Dataset excerpts:
== Segment start ==

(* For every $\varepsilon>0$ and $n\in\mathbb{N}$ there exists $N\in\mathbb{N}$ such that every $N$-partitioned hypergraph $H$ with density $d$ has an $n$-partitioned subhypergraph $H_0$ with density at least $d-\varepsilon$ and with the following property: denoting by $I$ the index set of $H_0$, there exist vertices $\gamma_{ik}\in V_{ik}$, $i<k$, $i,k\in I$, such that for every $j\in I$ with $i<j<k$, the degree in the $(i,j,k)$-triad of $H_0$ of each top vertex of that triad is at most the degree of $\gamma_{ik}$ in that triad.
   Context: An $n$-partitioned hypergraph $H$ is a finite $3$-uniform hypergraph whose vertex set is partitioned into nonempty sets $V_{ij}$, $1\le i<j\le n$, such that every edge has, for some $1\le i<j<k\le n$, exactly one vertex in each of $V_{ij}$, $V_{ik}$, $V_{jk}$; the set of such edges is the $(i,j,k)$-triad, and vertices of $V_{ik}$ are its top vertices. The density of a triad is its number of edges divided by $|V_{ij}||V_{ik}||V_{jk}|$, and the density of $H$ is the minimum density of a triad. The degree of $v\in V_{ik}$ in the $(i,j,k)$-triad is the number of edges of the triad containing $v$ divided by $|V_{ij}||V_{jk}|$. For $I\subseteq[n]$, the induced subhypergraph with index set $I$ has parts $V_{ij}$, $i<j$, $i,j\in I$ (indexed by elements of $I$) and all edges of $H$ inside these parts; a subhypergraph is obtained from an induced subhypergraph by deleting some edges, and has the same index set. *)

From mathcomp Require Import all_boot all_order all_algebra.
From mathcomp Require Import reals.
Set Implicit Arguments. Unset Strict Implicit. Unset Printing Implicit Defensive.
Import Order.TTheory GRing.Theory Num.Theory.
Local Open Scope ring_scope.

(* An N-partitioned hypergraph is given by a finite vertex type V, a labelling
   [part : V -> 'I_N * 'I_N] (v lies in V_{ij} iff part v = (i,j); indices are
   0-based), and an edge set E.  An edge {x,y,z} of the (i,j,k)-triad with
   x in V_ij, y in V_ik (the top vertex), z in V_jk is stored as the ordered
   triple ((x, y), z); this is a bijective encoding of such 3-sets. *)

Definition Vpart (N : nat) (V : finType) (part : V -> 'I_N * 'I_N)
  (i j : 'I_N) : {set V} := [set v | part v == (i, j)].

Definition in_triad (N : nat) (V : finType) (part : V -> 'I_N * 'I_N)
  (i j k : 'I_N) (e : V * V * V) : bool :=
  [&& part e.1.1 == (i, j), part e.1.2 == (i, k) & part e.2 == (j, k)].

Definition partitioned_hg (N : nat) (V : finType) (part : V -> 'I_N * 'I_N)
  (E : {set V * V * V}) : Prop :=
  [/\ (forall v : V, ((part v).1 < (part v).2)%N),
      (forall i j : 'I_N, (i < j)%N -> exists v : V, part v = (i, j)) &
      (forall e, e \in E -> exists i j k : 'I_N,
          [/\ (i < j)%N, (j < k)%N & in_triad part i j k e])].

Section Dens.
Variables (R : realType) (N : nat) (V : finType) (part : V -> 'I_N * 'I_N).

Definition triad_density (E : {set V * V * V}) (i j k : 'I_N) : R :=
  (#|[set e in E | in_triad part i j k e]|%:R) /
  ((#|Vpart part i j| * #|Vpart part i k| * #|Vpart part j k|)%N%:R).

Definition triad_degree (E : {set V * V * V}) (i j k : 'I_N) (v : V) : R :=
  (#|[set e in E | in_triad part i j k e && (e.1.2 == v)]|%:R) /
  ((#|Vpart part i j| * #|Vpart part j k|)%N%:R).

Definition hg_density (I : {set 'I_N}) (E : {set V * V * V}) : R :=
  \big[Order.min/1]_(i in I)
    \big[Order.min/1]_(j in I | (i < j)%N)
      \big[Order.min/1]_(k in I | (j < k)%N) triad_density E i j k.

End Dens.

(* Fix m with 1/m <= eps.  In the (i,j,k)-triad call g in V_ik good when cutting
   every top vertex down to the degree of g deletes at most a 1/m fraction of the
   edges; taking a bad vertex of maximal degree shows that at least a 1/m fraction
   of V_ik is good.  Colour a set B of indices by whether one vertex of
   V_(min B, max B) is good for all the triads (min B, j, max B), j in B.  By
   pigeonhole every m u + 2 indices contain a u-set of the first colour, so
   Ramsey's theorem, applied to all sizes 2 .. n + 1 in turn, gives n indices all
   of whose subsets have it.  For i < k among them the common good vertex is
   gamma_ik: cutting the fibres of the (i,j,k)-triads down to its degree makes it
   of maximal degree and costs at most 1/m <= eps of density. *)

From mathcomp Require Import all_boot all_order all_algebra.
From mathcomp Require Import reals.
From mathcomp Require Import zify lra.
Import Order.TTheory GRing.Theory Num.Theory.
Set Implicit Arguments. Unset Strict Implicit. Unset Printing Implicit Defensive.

== Segment end ==

*Try it:* Using the data above, repeat exactly the lines that begin at the line with "(#|[set e in E | in_triad part i j k e]|%:R)" and end at the line with "in I | (i < j)%N)", both ends included.

*Exercise response:*
  (#|[set e in E | in_triad part i j k e]|%:R) /
  ((#|Vpart part i j| * #|Vpart part i k| * #|Vpart part j k|)%N%:R).

Definition triad_degree (E : {set V * V * V}) (i j k : 'I_N) (v : V) : R :=
  (#|[set e in E | in_triad part i j k e && (e.1.2 == v)]|%:R) /
  ((#|Vpart part i j| * #|Vpart part j k|)%N%:R).

Definition hg_density (I : {set 'I_N}) (E : {set V * V * V}) : R :=
  \big[Order.min/1]_(i in I)
    \big[Order.min/1]_(j in I | (i < j)%N)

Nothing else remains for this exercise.